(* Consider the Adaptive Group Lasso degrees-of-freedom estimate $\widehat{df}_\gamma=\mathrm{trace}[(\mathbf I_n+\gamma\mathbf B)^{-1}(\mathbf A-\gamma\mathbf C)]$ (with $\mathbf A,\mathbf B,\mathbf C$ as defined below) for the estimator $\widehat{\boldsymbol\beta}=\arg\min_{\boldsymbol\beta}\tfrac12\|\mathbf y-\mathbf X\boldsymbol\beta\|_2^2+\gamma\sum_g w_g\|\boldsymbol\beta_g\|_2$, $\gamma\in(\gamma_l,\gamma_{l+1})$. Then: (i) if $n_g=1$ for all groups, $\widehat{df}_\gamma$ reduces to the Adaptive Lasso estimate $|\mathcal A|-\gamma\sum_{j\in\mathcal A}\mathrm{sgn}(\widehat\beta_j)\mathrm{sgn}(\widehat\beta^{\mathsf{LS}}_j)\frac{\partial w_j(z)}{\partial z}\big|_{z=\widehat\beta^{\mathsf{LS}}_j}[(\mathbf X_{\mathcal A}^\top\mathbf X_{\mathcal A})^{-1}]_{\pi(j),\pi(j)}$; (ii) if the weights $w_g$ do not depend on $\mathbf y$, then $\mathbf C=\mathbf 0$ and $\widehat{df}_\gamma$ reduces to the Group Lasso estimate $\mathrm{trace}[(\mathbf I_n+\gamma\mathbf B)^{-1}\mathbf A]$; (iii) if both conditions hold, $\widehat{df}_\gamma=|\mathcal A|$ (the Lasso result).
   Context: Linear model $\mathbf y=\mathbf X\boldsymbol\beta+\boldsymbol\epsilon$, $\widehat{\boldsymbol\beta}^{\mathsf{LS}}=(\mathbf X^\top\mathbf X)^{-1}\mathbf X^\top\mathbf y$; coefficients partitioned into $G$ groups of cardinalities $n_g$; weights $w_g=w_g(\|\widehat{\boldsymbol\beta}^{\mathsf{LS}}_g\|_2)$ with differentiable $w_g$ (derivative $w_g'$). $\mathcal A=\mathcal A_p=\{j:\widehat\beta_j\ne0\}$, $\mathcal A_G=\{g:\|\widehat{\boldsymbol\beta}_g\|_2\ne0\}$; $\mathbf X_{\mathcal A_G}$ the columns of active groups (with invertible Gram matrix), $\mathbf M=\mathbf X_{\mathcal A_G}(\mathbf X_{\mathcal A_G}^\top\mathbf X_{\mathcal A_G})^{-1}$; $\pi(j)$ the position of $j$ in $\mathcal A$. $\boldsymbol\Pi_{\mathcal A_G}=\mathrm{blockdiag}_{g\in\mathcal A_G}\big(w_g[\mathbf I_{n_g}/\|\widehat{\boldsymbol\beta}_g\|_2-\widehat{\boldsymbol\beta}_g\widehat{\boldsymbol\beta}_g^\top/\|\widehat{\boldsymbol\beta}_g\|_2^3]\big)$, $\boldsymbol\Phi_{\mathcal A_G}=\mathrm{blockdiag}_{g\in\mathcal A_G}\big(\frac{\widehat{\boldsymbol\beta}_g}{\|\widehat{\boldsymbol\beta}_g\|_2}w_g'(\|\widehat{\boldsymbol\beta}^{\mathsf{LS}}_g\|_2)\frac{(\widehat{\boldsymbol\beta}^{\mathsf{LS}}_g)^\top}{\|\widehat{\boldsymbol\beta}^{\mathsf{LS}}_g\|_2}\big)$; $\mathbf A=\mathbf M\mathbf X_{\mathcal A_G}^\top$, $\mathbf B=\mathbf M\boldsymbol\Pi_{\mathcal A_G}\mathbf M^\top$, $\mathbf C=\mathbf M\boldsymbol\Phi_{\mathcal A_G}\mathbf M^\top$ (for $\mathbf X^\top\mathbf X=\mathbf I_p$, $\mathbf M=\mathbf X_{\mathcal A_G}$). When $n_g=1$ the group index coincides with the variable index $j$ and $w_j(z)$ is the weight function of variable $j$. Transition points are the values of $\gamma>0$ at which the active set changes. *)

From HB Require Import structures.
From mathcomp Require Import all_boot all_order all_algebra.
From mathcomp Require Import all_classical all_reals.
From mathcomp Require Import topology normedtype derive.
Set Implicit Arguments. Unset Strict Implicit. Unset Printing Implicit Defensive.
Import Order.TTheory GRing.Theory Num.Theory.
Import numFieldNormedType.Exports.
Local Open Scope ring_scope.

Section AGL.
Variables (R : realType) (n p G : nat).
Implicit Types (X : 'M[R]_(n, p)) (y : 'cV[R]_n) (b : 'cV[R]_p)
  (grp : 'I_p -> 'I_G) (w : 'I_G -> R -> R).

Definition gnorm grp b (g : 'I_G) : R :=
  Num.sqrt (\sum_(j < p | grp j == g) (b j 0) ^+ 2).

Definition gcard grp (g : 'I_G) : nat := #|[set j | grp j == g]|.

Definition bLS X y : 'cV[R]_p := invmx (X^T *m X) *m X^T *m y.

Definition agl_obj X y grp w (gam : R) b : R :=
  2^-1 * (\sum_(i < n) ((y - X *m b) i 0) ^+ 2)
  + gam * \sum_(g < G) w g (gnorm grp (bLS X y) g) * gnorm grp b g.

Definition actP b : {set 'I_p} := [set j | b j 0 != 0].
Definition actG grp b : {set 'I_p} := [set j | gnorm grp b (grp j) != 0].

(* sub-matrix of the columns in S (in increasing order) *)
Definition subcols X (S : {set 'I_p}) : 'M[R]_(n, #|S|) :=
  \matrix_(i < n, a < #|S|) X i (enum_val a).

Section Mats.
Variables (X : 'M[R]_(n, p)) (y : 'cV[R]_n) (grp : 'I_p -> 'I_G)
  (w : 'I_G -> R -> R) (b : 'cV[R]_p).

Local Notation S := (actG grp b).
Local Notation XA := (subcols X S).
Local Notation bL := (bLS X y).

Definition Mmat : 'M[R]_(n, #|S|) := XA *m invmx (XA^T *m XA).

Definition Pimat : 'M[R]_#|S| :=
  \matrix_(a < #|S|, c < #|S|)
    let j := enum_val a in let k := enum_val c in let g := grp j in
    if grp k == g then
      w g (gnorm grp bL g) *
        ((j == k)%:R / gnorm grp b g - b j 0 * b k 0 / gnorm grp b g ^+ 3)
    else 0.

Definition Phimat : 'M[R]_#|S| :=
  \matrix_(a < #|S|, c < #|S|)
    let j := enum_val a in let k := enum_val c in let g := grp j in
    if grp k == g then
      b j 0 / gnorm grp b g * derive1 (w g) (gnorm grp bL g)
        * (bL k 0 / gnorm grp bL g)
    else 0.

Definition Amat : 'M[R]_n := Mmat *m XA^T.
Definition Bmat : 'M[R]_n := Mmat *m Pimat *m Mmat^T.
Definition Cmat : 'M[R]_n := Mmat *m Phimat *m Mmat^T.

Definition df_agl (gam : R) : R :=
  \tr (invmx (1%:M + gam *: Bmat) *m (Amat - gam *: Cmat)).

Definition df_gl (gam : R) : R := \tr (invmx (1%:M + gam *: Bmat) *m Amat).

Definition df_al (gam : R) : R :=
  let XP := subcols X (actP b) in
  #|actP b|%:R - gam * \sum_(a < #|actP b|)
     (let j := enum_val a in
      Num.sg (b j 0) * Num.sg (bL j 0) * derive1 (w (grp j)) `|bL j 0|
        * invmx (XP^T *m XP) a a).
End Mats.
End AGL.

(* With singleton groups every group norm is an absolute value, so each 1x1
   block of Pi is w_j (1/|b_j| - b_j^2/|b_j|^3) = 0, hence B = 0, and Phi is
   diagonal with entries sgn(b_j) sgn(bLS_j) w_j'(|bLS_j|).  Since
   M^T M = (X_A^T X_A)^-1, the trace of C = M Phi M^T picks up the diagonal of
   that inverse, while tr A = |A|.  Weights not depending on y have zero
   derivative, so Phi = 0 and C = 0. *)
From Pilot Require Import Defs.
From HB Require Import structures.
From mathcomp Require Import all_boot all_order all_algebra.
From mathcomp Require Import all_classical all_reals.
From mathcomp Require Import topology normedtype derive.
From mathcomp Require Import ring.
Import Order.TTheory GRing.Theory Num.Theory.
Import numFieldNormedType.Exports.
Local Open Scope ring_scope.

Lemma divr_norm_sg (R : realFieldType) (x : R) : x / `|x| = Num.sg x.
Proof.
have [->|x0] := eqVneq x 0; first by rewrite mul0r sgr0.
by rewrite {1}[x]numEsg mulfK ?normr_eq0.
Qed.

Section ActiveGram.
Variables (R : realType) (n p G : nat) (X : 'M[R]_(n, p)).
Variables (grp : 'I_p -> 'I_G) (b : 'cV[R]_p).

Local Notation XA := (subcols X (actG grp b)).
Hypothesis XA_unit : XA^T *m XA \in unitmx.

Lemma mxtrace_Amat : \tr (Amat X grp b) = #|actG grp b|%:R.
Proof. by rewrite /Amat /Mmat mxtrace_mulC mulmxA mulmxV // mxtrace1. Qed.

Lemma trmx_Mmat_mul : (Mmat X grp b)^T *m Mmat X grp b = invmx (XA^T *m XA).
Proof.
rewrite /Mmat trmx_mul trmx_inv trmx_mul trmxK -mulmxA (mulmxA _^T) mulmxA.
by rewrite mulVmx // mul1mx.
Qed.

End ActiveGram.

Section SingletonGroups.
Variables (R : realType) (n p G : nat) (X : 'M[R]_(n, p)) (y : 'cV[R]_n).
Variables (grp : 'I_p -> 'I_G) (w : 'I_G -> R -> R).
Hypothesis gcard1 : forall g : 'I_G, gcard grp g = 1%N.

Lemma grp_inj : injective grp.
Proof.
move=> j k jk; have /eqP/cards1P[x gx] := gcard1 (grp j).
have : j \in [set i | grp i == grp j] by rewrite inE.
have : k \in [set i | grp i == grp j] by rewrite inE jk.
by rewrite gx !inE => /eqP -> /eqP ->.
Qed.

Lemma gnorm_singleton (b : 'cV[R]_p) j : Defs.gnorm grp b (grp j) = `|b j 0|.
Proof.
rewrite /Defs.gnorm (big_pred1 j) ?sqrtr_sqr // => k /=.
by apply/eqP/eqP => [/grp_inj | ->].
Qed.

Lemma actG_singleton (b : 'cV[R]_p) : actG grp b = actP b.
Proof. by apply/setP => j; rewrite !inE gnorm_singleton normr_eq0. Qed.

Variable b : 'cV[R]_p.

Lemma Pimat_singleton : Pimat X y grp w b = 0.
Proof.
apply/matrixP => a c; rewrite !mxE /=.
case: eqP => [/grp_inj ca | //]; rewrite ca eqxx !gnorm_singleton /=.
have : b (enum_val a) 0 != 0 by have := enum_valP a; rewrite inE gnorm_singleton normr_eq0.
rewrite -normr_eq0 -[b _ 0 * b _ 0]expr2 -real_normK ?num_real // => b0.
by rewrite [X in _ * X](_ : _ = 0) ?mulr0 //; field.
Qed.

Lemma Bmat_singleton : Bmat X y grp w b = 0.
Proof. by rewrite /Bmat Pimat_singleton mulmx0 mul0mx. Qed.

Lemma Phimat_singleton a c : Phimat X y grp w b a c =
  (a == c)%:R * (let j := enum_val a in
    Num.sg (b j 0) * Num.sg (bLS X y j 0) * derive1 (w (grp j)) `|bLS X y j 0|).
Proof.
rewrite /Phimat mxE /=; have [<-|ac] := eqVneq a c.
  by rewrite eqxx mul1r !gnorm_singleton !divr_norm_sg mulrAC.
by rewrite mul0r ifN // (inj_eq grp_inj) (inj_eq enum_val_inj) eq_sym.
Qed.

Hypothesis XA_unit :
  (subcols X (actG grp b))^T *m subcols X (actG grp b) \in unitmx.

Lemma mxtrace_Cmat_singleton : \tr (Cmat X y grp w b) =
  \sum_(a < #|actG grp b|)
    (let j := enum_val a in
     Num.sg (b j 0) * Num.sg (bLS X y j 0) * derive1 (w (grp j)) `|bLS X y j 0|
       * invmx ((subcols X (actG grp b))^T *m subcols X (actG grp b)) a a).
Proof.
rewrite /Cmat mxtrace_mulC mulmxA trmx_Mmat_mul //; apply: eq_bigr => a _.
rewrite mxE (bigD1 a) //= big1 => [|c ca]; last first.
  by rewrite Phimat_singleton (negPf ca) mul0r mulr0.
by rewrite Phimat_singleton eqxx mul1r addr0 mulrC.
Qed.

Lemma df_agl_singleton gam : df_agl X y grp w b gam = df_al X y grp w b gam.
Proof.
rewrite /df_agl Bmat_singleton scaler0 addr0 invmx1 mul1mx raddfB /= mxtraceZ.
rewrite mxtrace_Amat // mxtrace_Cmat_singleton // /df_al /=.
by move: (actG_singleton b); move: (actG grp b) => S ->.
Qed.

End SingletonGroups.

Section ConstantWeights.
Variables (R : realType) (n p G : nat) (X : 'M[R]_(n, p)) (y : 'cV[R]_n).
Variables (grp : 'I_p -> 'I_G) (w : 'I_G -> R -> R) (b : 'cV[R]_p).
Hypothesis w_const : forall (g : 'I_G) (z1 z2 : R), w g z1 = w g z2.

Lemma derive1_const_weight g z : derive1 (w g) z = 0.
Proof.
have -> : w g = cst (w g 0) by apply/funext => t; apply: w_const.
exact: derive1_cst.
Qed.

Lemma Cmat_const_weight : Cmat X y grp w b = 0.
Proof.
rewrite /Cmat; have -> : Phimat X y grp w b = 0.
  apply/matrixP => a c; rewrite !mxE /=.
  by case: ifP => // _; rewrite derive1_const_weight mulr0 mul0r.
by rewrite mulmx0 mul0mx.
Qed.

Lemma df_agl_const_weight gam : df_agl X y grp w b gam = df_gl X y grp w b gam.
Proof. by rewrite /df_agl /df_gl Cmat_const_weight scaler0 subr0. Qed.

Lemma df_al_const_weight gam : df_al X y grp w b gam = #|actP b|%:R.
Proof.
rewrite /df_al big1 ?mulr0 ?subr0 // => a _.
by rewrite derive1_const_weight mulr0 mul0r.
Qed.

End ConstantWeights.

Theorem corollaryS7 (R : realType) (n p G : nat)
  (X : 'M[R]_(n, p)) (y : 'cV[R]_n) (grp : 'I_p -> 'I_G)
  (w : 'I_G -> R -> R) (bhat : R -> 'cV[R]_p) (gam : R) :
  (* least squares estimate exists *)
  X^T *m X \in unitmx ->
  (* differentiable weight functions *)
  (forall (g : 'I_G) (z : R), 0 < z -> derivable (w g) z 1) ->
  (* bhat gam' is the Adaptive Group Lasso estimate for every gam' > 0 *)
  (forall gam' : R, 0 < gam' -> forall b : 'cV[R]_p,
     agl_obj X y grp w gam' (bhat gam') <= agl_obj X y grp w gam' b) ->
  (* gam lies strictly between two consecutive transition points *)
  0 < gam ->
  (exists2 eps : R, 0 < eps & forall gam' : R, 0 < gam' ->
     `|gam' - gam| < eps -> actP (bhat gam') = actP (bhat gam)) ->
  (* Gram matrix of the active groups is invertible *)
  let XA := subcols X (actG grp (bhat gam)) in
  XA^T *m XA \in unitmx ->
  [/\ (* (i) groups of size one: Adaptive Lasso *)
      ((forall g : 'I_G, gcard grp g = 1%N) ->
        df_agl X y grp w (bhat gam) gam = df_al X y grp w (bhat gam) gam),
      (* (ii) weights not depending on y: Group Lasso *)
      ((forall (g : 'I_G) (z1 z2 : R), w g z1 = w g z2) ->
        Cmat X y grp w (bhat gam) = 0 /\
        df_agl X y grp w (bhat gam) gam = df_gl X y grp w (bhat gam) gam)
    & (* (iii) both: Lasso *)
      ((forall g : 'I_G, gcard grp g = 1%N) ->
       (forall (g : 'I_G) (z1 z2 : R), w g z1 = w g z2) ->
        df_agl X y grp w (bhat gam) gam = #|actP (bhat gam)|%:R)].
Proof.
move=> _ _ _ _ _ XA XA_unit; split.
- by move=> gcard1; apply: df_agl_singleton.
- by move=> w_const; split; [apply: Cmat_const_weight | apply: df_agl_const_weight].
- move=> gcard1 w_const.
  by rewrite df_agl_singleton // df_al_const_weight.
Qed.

== == ==

## [What you should do]
Copy out all lines of the listing above that include "Defs".

## [Result]
From Pilot Require Import Defs.
Lemma gnorm_singleton (b : 'cV[R]_p) j : Defs.gnorm grp b (grp j) = `|b j 0|.
rewrite /Defs.gnorm (big_pred1 j) ?sqrtr_sqr // => k /=.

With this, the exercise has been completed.